The software connects the layers in series.
For a list of supported layers, see List of Deep Learning Layers.
X1,...,XN — Example network inputs or data layouts
formatted dlarray object | formatted networkDataLayout object
Example data or data layouts to use to determine the size and formats of learnable and state parameters, specified as formatted dlarray objects or formatted networkDataLayout objects. The software propagates X1,...XN through the network to determine the appropriate sizes and formats of the learnable and state parameters of the dlnetwork object and initializes any unset learnable or state parameters.
The order of X1,...,XN must match the order of the layers that require inputs in layers.
Note
Automatic initialization uses only the size and format information of the input data. For initialization that depends on the values on the input data, you must initialize the learnable parameters manually.

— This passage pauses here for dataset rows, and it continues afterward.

Lemma height_pos_of_normal (x : V3) (mu : R) : 0 < mu -> gradPhi m x = vscal mu N -> 0 < c3 x.
Proof.
  intros Hmu HG. destruct (gradPhi_parallel_components x mu HG) as (_ & _ & E3).
  assert (HM : 0 < INR m) by (apply lt_0_INR; lia).
  destruct m as [|n]; [lia|]. replace (2 * S n - 1)%nat with (S (2 * n)) in E3 by lia.
  rewrite pow_odd in E3.
  destruct (Rle_or_lt (c3 x) 0) as [Hle|Hlt]; [exfalso|exact Hlt].
  assert (0 <= (c3 x ^ n) ^ 2) by apply pow2_ge_0.
  assert (c3 x * (c3 x ^ n) ^ 2 <= 0) by nra.
  assert (0 < mu * c3 N) by nra. nra.
Qed.

Lemma slope_of_normal (x : V3) (mu : R) : 0 < mu -> gradPhi m x = vscal mu N ->
  slope x ^ (2 * m - 1) * c3 N ^ 2 = c1 N ^ 2 + c2 N ^ 2.
Proof.
  intros Hmu HG. pose proof (height_pos_of_normal x mu Hmu HG) as Ha.
  destruct (gradPhi_parallel_components x mu HG) as (E1 & E2 & E3).
  assert (HM : 0 < INR m) by (apply lt_0_INR; lia).
  destruct m as [|n]; [lia|]. replace (S n - 1)%nat with n in E1, E2 by lia.
  replace (2 * S n - 1)%nat with (S (2 * n)) in * by lia.
  set (q := c1 x ^ 2 + c2 x ^ 2) in *. set (k := S (2 * n)) in *.
  assert (Sq : q ^ k = ((mu * c1 N) ^ 2 + (mu * c2 N) ^ 2) / (2 * INR (S n)) ^ 2).
  { rewrite <- E1, <- E2. unfold k. rewrite pow_odd. unfold q. field. lra. }
  assert (Sa : (c3 x ^ 2) ^ k = (mu * c3 N) ^ 2 / (2 * INR (S n)) ^ 2).
  { rewrite <- E3, pow_sqr_comm. field. lra. }
  unfold slope. fold q. unfold Rdiv. rewrite Rpow_mult_distr, pow_inv, Sq, Sa.
  field. split; lra.
Qed.

Lemma sphere_slope (x : V3) : Phi m x = 1 -> c3 x <> 0 ->
  (c3 x ^ 2) ^ m * (slope x ^ m + 1) = 1.
Proof.
  intros HP Ha. unfold Phi in HP. rewrite pow_mult in HP.
  rewrite <- HP at 2. unfold slope, Rdiv. rewrite Rpow_mult_distr, pow_inv.
  field. apply pow_nonzero, pow_nonzero. exact Ha.
Qed.

Theorem point_of_normal_unique (x y : V3) (mu nu : R) : 0 < mu -> 0 < nu ->
  Phi m x = 1 -> Phi m y = 1 ->
  gradPhi m x = vscal mu N -> gradPhi m y = vscal nu N ->
  0 < c1 y ^ 2 + c2 y ^ 2 -> x = y.
Proof.
  intros Hmu Hnu HPx HPy HGx HGy Hqy.
  pose proof (height_pos_of_normal x mu Hmu HGx) as Hx3.
  pose proof (height_pos_of_normal y nu Hnu HGy) as Hy3.
  assert (Hslope : forall z, 0 < c3 z -> 0 <= slope z).
  { intros z Hz. unfold slope. apply Rmult_le_pos; [nra | left; apply Rinv_0_lt_compat; nra]. }
  assert (Es : slope x = slope y).
  { apply (pow_inj_l _ _ (2 * m - 1)); [lia | apply Hslope; exact Hx3 | apply Hslope; exact Hy3 |].
    apply Rmult_eq_reg_r with (c3 N ^ 2); [|apply pow_nonzero; lra].
    rewrite (slope_of_normal x mu), (slope_of_normal y nu); auto. }
  assert (Ez : c3 x = c3 y).
  { pose proof (sphere_slope x HPx ltac:(lra)) as Sx. pose proof (sphere_slope y HPy ltac:(lra)) as Sy.
    pose proof (pow_le (slope y) m (Hslope y Hy3)).
    apply (pow_inj_l _ _ 2); [lia|lra|lra|].
    apply (pow_inj_l _ _ m); [lia|nra|nra|].
    apply Rmult_eq_reg_r with (slope y ^ m + 1); [|lra].
    rewrite Es in Sx. lra. }
  assert (Eq : c1 x ^ 2 + c2 x ^ 2 = c1 y ^ 2 + c2 y ^ 2).
  { transitivity (slope x * c3 x ^ 2); [unfold slope; field; lra|].
    rewrite Es, Ez. unfold slope. field. lra. }
  destruct (gradPhi_parallel_components x mu HGx) as (Ex1 & Ex2 & Ex3).
  destruct (gradPhi_parallel_components y nu HGy) as (Ey1 & Ey2 & Ey3).
  assert (HM : 0 < INR m) by (apply lt_0_INR; lia).
  assert (Emu : mu = nu) by (apply Rmult_eq_reg_r with (c3 N); [rewrite <- Ex3, <- Ey3, Ez|]; lra).
  subst nu. rewrite Eq in Ex1, Ex2.
  assert (Hqn : 0 < (c1 y ^ 2 + c2 y ^ 2) ^ (m - 1)) by (apply pow_lt; exact Hqy).
  assert (E1 : c1 x = c1 y) by (apply Rmult_eq_reg_r with (2 * INR m * (c1 y ^ 2 + c2 y ^ 2) ^ (m - 1)); nra).
  assert (E2 : c2 x = c2 y) by (apply Rmult_eq_reg_r with (2 * INR m * (c1 y ^ 2 + c2 y ^ 2) ^ (m - 1)); nra).
  destruct x, y. cbn in *. subst. reflexivity.
Qed.

End PointOfNormal.

Definition has_vderive (g : R -> V3) (x : R) (w : V3) : Prop :=
  is_derive (fun t => c1 (g t)) x (c1 w) /\
  is_derive (fun t => c2 (g t)) x (c2 w) /\
  is_derive (fun t => c3 (g t)) x (c3 w).

Lemma has_vderive_ext_loc (g h : R -> V3) (x : R) (w : V3) :
  locally x (fun t => h t = g t) -> has_vderive h x w -> has_vderive g x w.
Proof.
  intros Hloc (D1 & D2 & D3).
  assert (Hc : forall c : V3 -> R, locally x (fun t => c (h t) = c (g t))).
  { intros c. apply (filter_imp (fun t => h t = g t)); [|exact Hloc]. intros t Ht. rewrite Ht. reflexivity. }
  split; [|split]; eapply is_derive_ext_loc; [apply (Hc Defs.c1)| exact D1 | apply (Hc Defs.c2) | exact D2 | apply (Hc Defs.c3) | exact D3].
Qed.

Lemma d_s_of_has_vderive (F : R -> R -> V3) (s v : R) (w : V3) :
  has_vderive (fun t => F t v) s w -> d_s F s v = w.
Proof.
  intros (D1 & D2 & D3). destruct w. unfold d_s.
  f_equal; apply is_derive_unique; assumption.
Qed.

Lemma d_v_of_has_vderive (F : R -> R -> V3) (s v : R) (w : V3) :
  has_vderive (fun t => F s t) v w -> d_v F s v = w.
Proof.
  intros (D1 & D2 & D3). destruct w. unfold d_v.
  f_equal; apply is_derive_unique; assumption.
Qed.

Lemma partials_exist_of_has_vderive (F : R -> R -> V3) (s v : R) (ws wv : V3) :
  has_vderive (fun t => F t v) s ws -> has_vderive (fun t => F s t) v wv -> partials_exist F s v.
Proof.
  intros (D1 & D2 & D3) (D4 & D5 & D6).
  repeat split; eexists; eassumption.
Qed.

tf — Flag to initialize learnable and state parameters
1 (true) (default) | 0 (false)
Flag to initialize learnable and state parameters, specified as one of these values:
1(true) — Initialize the learnable and state parameters. The software uses the input layer inlayersto determine the sizes of the learnable and state parameters.0(false) — Do not initialize the learnable and state parameters. Use this option when:You expect to make further edits to the neural network. For example, when you expect to add or remove layers and connections.
You use the network in a custom layer and you want to use a custom initialize function.
Neural network prediction and custom training loops requires an initialized network. To initialize an uninitialized network, use the initialize function.
prunableNet — Network for pruning by using first-order Taylor approximation
TaylorPrunableNetwork object
Network for pruning by using first-order Taylor approximation, specified as a TaylorPrunableNetwork object.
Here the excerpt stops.